PROVIDED INFORMATION:
(* In a scarce-reserves equilibrium, the aggregate real balance of reserves is strictly decreasing in the nominal interest rate: $\partial r/\partial i<0$, where $$r=\begin{cases}\dfrac{(\sigma_2+\sigma_3)\chi}{1+i_d\chi}L^{-1}(i_\ell)-\dfrac{\sigma_3\bar\delta\chi}{1+i_d\chi} & \text{if } L^{-1}(i_\ell)>\bar\delta,\\[2mm] \dfrac{\sigma_2\chi}{1+i_d\chi}L^{-1}(i_\ell) & \text{if } L^{-1}(i_\ell)\le\bar\delta.\end{cases}$$
   Context: Buyers meet sellers in one of three meeting types with probabilities $\sigma_1,\sigma_2,\sigma_3>0$ ($\sum\sigma_j=1$); type-3 buyers may use unsecured credit up to a limit $\bar\delta\ge0$. DM preferences $u,c$ with $u'>0,u''<0$, $c'>0,c''\ge0$, $u(0)=c(0)=0$, $q^*$ solving $u'(q^* )=c'(q^* )$; bargaining power $\theta\in(0,1]$, payment $v(q)=(1-\theta)u(q)+\theta c(q)$, liquidity premium $\lambda(q)=\theta[u'(q)-c'(q)]/[(1-\theta)u'(q)+\theta c'(q)]$ (strictly decreasing on $[0,q^* )$, $0$ at $q^*$), and $L(z)=\lambda(\min\{q^*,v^{-1}(z)\})$ with strictly decreasing inverse $L^{-1}$. Policy: nominal rate $i\ge0$, interest on reserves $i_r$, reserve requirement $\chi\in(0,1)$, $a=(1-\chi)/\chi$. Bank cost functions $\gamma,\eta$ twice differentiable, $\gamma',\gamma'',\eta',\eta''>0$ on $(0,\infty)$, $\gamma(0)=\gamma'(0)=\eta(0)=\eta'(0)=0$; entry cost $k>0$. Loan rate $i_\ell=(1+i)/(1+i_d)-1$. In a scarce-reserves equilibrium, bank-level reserves $\tilde r$ and deposit rate $i_d>0$ solve $\gamma'(\tilde r)\tilde r-\gamma(\tilde r)+\eta'(a\tilde r)a\tilde r-\eta(a\tilde r)=k$ and $i_d=i_r-\gamma'(\tilde r)+\big[\frac{1+i}{1+i_d}-1-\eta'(a\tilde r)\big]a$, each bank lends $a\tilde r$, and aggregate reserves $r$ are given by the displayed formula. *)

From Stdlib Require Import Reals Lra.
From Coquelicot Require Import Coquelicot.
Open Scope R_scope.

Definition ratio_a (chi : R) : R := (1 - chi) / chi.

Definition loan_rate (i id : R) : R := (1 + i) / (1 + id) - 1.

(* Free-entry condition pinning down bank-level reserves r~ :
   gamma'(r) r - gamma(r) + eta'(a r) a r - eta(a r) = k *)
Definition entry_eq (gamma dgamma eta deta : R -> R) (k chi rt : R) : Prop :=
  dgamma rt * rt - gamma rt + deta (ratio_a chi * rt) * (ratio_a chi * rt)
    - eta (ratio_a chi * rt) = k.

Definition deposit_eq (dgamma deta : R -> R) (chi ir i rt id : R) : Prop :=
  id = ir - dgamma rt + ((1 + i) / (1 + id) - 1 - deta (ratio_a chi * rt)) * ratio_a chi.

Definition scarce_eq (gamma dgamma eta deta : R -> R) (k chi ir i rt id : R) : Prop :=
  0 <= rt /\ entry_eq gamma dgamma eta deta k chi rt /\
  0 < id /\ deposit_eq dgamma deta chi ir i rt id.

Definition agg_reserves (Linv : R -> R) (s2 s3 chi dbar id il : R) : R :=
  if Rle_dec (Linv il) dbar then
    s2 * chi / (1 + id * chi) * Linv il
  else
    (s2 + s3) * chi / (1 + id * chi) * Linv il - s3 * dbar * chi / (1 + id * chi).

(* The free-entry condition does not involve [i]: its left-hand side is
   [G(r) + H(a r)] with [G(x) = x gamma'(x) - gamma(x)], whose derivative
   [x gamma''(x)] is positive, and likewise for [H], so it pins down the same
   bank-level reserves [r~] at every nominal rate.  Subtracting the deposit
   conditions at two rates then gives [i_d2 - i_d1 = a (q2 - q1)] with
   [q = 1 + i_l = (1+i)/(1+i_d)]; since [q (1 + i_d) = 1 + i] rises, [i_d] and
   [i_l] both rise.  Hence [L^{-1}(i_l)] falls, the piecewise-linear demand
   [s2 l] / [(s2+s3) l - s3 dbar] falls with it, and so does the weight
   [chi / (1 + i_d chi)]. *)

From Stdlib Require Import Reals Lra.
From Coquelicot Require Import Coquelicot.
Open Scope R_scope.

Definition legendre (f df : R -> R) (x : R) : R := df x * x - f x.

Lemma is_derive_legendre (f df ddf : R -> R) (x : R) :
  (forall t, is_derive f t (df t)) -> is_derive df x (ddf x) ->
  is_derive (legendre f df) x (ddf x * x).
Proof.
  intros Hf Hdf.
  pose proof (is_derive_mult df (fun t => t) x _ _ Hdf (is_derive_id x) Rmult_comm) as Hprod.
  pose proof (is_derive_minus _ _ x _ _ Hprod (Hf x)) as H.
  replace (ddf x * x) with (minus (plus (mult (ddf x) x) (mult (df x) one)) (df x)).
  - exact H.
  - unfold minus, plus, mult, opp, one; simpl. ring.
Qed.

Lemma is_derive_comp_scale (f df : R -> R) (a x : R) :
  is_derive f (a * x) (df (a * x)) ->
  is_derive (fun t => f (a * t)) x (a * df (a * x)).
Proof.
  intros Hf.
  pose proof (is_derive_comp f (fun t => a * t) x _ _ Hf
                (is_derive_scal _ x a 1 (is_derive_id x))) as H.
  rewrite Rmult_1_r in H. exact H.
Qed.

Lemma strict_increasing_of_derive_pos (h dh : R -> R) :
  (forall x, is_derive h x (dh x)) -> (forall x, 0 < x -> 0 < dh x) ->
  forall x y, 0 <= x -> x < y -> h x < h y.
Proof.
  intros Hh Hpos x y Hx Hxy.
  destruct (MVT_cor2 h dh x y Hxy) as [c [Hmvt Hc]].
  { intros c _. apply is_derive_Reals, Hh. }
  assert (Hdc : 0 < dh c) by (apply Hpos; lra).
  nra.
Qed.

Lemma ratio_a_pos (chi : R) : 0 < chi < 1 -> 0 < ratio_a chi.
Proof. intros Hchi. unfold ratio_a. apply Rdiv_lt_0_compat; lra. Qed.

Section EntryCondition.

Variables gamma dgamma ddgamma eta deta ddeta : R -> R.
Hypothesis Hg1 : forall x, is_derive gamma x (dgamma x).
Hypothesis Hg2 : forall x, is_derive dgamma x (ddgamma x).
Hypothesis Hgconvex : forall x, 0 < x -> 0 < ddgamma x.
Hypothesis He1 : forall x, is_derive eta x (deta x).
Hypothesis He2 : forall x, is_derive deta x (ddeta x).
Hypothesis Heconvex : forall x, 0 < x -> 0 < ddeta x.

Definition entry_lhs (a r : R) : R := legendre gamma dgamma r + legendre eta deta (a * r).

Lemma entry_lhs_strict_increasing (a : R) : 0 < a ->
  forall x y, 0 <= x -> x < y -> entry_lhs a x < entry_lhs a y.
Proof.
  intros Ha.
  apply strict_increasing_of_derive_pos
    with (dh := fun r => ddgamma r * r + a * (ddeta (a * r) * (a * r))).
  - intros r. unfold entry_lhs.
    apply (is_derive_plus (legendre gamma dgamma) (fun t => legendre eta deta (a * t))).
    + apply is_derive_legendre; auto.
    + apply (is_derive_comp_scale (legendre eta deta)), is_derive_legendre; auto.
  - intros r Hr.
    assert (Har : 0 < a * r) by (apply Rmult_lt_0_compat; auto).
    specialize (Hgconvex r Hr). specialize (Heconvex (a * r) Har).
    assert (0 < ddgamma r * r) by (apply Rmult_lt_0_compat; auto).
    assert (0 < ddeta (a * r) * (a * r)) by (apply Rmult_lt_0_compat; auto).
    assert (0 < a * (ddeta (a * r) * (a * r))) by (apply Rmult_lt_0_compat; auto).
    lra.
Qed.

Lemma entry_eq_unique (k chi rt1 rt2 : R) : 0 < chi < 1 ->
  0 <= rt1 -> 0 <= rt2 ->
  entry_eq gamma dgamma eta deta k chi rt1 ->
  entry_eq gamma dgamma eta deta k chi rt2 -> rt1 = rt2.
Proof.
  intros Hchi Hr1 Hr2 E1 E2.
  pose proof (entry_lhs_strict_increasing _ (ratio_a_pos chi Hchi)) as Hincr.
  assert (Hk : forall rt, entry_eq gamma dgamma eta deta k chi rt ->
                 entry_lhs (ratio_a chi) rt = k).
  { intros rt E. unfold entry_eq in E. unfold entry_lhs, legendre. lra. }
  apply Hk in E1; apply Hk in E2.
  destruct (Rtotal_order rt1 rt2) as [H | [H | H]]; auto.
  - specialize (Hincr rt1 rt2 Hr1 H). lra.
  - specialize (Hincr rt2 rt1 Hr2 H). lra.
Qed.

End EntryCondition.

Lemma deposit_eq_rates_increasing (dgamma deta : R -> R) (chi ir rt i1 i2 id1 id2 : R) :
  0 < chi < 1 -> -1 < i1 -> i1 < i2 -> -1 < id1 -> -1 < id2 ->
  deposit_eq dgamma deta chi ir i1 rt id1 ->
  deposit_eq dgamma deta chi ir i2 rt id2 ->
  id1 < id2 /\ loan_rate i1 id1 < loan_rate i2 id2.
Proof.
  intros Hchi Hi1 Hi12 Hid1 Hid2 D1 D2.
  pose proof (ratio_a_pos chi Hchi) as Ha.
  unfold deposit_eq in D1, D2. unfold loan_rate.
  set (a := ratio_a chi) in *.
  set (q1 := (1 + i1) / (1 + id1)) in *.
  set (q2 := (1 + i2) / (1 + id2)) in *.
  assert (Q1 : q1 * (1 + id1) = 1 + i1) by (unfold q1; field; lra).
  assert (Q2 : q2 * (1 + id2) = 1 + i2) by (unfold q2; field; lra).
  assert (Hq1 : 0 < q1) by (unfold q1; apply Rdiv_lt_0_compat; lra).
  assert (Hdiff : id2 - id1 = a * (q2 - q1)) by lra.
  assert (Hq : q1 < q2).
  { destruct (Rlt_or_le q1 q2) as [H | H]; auto.
    assert (a * (q2 - q1) <= 0) by nra.
    assert (q2 * (1 + id2) <= q1 * (1 + id1)) by nra.
    lra. }
  split; nra.
Qed.

Definition reserve_demand (s2 s3 dbar l : R) : R :=
  if Rle_dec l dbar then s2 * l else (s2 + s3) * l - s3 * dbar.

Lemma agg_reservesE (Linv : R -> R) (s2 s3 chi dbar id il : R) :
  agg_reserves Linv s2 s3 chi dbar id il
  = chi / (1 + id * chi) * reserve_demand s2 s3 dbar (Linv il).
Proof.
  unfold agg_reserves, reserve_demand, Rdiv.
  destruct (Rle_dec (Linv il) dbar); ring.
Qed.

Lemma reserve_demand_nonneg (s2 s3 dbar l : R) :
  0 < s2 -> 0 <= s3 -> 0 <= l -> 0 <= reserve_demand s2 s3 dbar l.
Proof.
  intros Hs2 Hs3 Hl. unfold reserve_demand.
  destruct (Rle_dec l dbar) as [H | H]; [| apply Rnot_le_lt in H]; nra.
Qed.

Lemma reserve_demand_strict_increasing (s2 s3 dbar l1 l2 : R) :
  0 < s2 -> 0 <= s3 -> l1 < l2 ->
  reserve_demand s2 s3 dbar l1 < reserve_demand s2 s3 dbar l2.
Proof.
  intros Hs2 Hs3 Hl. unfold reserve_demand.
  destruct (Rle_dec l1 dbar) as [H1 | H1], (Rle_dec l2 dbar) as [H2 | H2];
    try apply Rnot_le_lt in H1; try apply Rnot_le_lt in H2; nra.
Qed.

Lemma agg_reserves_lt (Linv : R -> R) (s2 s3 chi dbar id1 id2 il1 il2 : R) :
  0 < s2 -> 0 <= s3 -> 0 < chi -> 0 <= id1 -> id1 <= id2 ->
  0 <= Linv il2 -> Linv il2 < Linv il1 ->
  agg_reserves Linv s2 s3 chi dbar id2 il2 < agg_reserves Linv s2 s3 chi dbar id1 il1.
Proof.
  intros Hs2 Hs3 Hchi Hid1 Hid12 HL2 HL.
  rewrite !agg_reservesE.
  pose proof (reserve_demand_nonneg s2 s3 dbar _ Hs2 Hs3 HL2) as Hd2.
  pose proof (reserve_demand_strict_increasing s2 s3 dbar _ _ Hs2 Hs3 HL) as Hd.
  assert (Hw2 : 0 < chi / (1 + id2 * chi)) by (apply Rdiv_lt_0_compat; nra).
  assert (Hw : chi / (1 + id2 * chi) <= chi / (1 + id1 * chi)).
  { unfold Rdiv. apply Rmult_le_compat_l; [lra|].
    apply Rinv_le_contravar; nra. }
  set (w1 := chi / (1 + id1 * chi)) in *. set (w2 := chi / (1 + id2 * chi)) in *.
  nra.
Qed.

Theorem mainTheorem9
  (s1 s2 s3 chi dbar ir k : R)
  (gamma dgamma ddgamma eta deta ddeta : R -> R)
  (Linv : R -> R) (Ldom : R -> Prop)
  (Hs1 : 0 < s1) (Hs2 : 0 < s2) (Hs3 : 0 < s3) (Hsum : s1 + s2 + s3 = 1)
  (Hchi : 0 < chi < 1) (Hdbar : 0 <= dbar) (Hk : 0 < k)
  (Hg1 : forall x, is_derive gamma x (dgamma x))
  (Hg2 : forall x, is_derive dgamma x (ddgamma x))
  (Hgpos : forall x, 0 < x -> 0 < dgamma x /\ 0 < ddgamma x)
  (Hg0 : gamma 0 = 0) (Hdg0 : dgamma 0 = 0)
  (He1 : forall x, is_derive eta x (deta x))
  (He2 : forall x, is_derive deta x (ddeta x))
  (Hepos : forall x, 0 < x -> 0 < deta x /\ 0 < ddeta x)
  (He0 : eta 0 = 0) (Hde0 : deta 0 = 0)
  (HLdec : forall x y, Ldom x -> Ldom y -> x < y -> Linv y < Linv x)
  (HLnn : forall x, Ldom x -> 0 <= Linv x) :
  forall (i1 i2 rt1 rt2 id1 id2 : R),
    0 <= i1 -> i1 < i2 ->
    scarce_eq gamma dgamma eta deta k chi ir i1 rt1 id1 ->
    scarce_eq gamma dgamma eta deta k chi ir i2 rt2 id2 ->
    Ldom (loan_rate i1 id1) -> Ldom (loan_rate i2 id2) ->
    agg_reserves Linv s2 s3 chi dbar id2 (loan_rate i2 id2)
      < agg_reserves Linv s2 s3 chi dbar id1 (loan_rate i1 id1).
Proof.
  intros i1 i2 rt1 rt2 id1 id2 Hi1 Hi12
    [Hr1 [En1 [Hid1 De1]]] [Hr2 [En2 [Hid2 De2]]] Hdom1 Hdom2.
  assert (Hrt : rt1 = rt2).
  { apply (entry_eq_unique gamma dgamma ddgamma eta deta ddeta) with k chi; auto.
    - intros x Hx. apply Hgpos, Hx.
    - intros x Hx. apply Hepos, Hx. }
  subst rt2.
  destruct (deposit_eq_rates_increasing dgamma deta chi ir rt1 i1 i2 id1 id2)
    as [Hid Hloan]; auto; try lra.
  apply agg_reserves_lt; auto; lra.
Qed.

PROBLEM REQUIREMENTS:
The lines above, starting at the one with "(Hgpos : forall" and ending at the one with "as [Hid Hloan]; auto; try lra.", are the only ones to return, exactly as written.

TASK ANSWER:
  (Hgpos : forall x, 0 < x -> 0 < dgamma x /\ 0 < ddgamma x)
  (Hg0 : gamma 0 = 0) (Hdg0 : dgamma 0 = 0)
  (He1 : forall x, is_derive eta x (deta x))
  (He2 : forall x, is_derive deta x (ddeta x))
  (Hepos : forall x, 0 < x -> 0 < deta x /\ 0 < ddeta x)
  (He0 : eta 0 = 0) (Hde0 : deta 0 = 0)
  (HLdec : forall x y, Ldom x -> Ldom y -> x < y -> Linv y < Linv x)
  (HLnn : forall x, Ldom x -> 0 <= Linv x) :
  forall (i1 i2 rt1 rt2 id1 id2 : R),
    0 <= i1 -> i1 < i2 ->
    scarce_eq gamma dgamma eta deta k chi ir i1 rt1 id1 ->
    scarce_eq gamma dgamma eta deta k chi ir i2 rt2 id2 ->
    Ldom (loan_rate i1 id1) -> Ldom (loan_rate i2 id2) ->
    agg_reserves Linv s2 s3 chi dbar id2 (loan_rate i2 id2)
      < agg_reserves Linv s2 s3 chi dbar id1 (loan_rate i1 id1).
Proof.
  intros i1 i2 rt1 rt2 id1 id2 Hi1 Hi12
    [Hr1 [En1 [Hid1 De1]]] [Hr2 [En2 [Hid2 De2]]] Hdom1 Hdom2.
  assert (Hrt : rt1 = rt2).
  { apply (entry_eq_unique gamma dgamma ddgamma eta deta ddeta) with k chi; auto.
    - intros x Hx. apply Hgpos, Hx.
    - intros x Hx. apply Hepos, Hx. }
  subst rt2.
  destruct (deposit_eq_rates_increasing dgamma deta chi ir rt1 i1 i2 id1 id2)
    as [Hid Hloan]; auto; try lra.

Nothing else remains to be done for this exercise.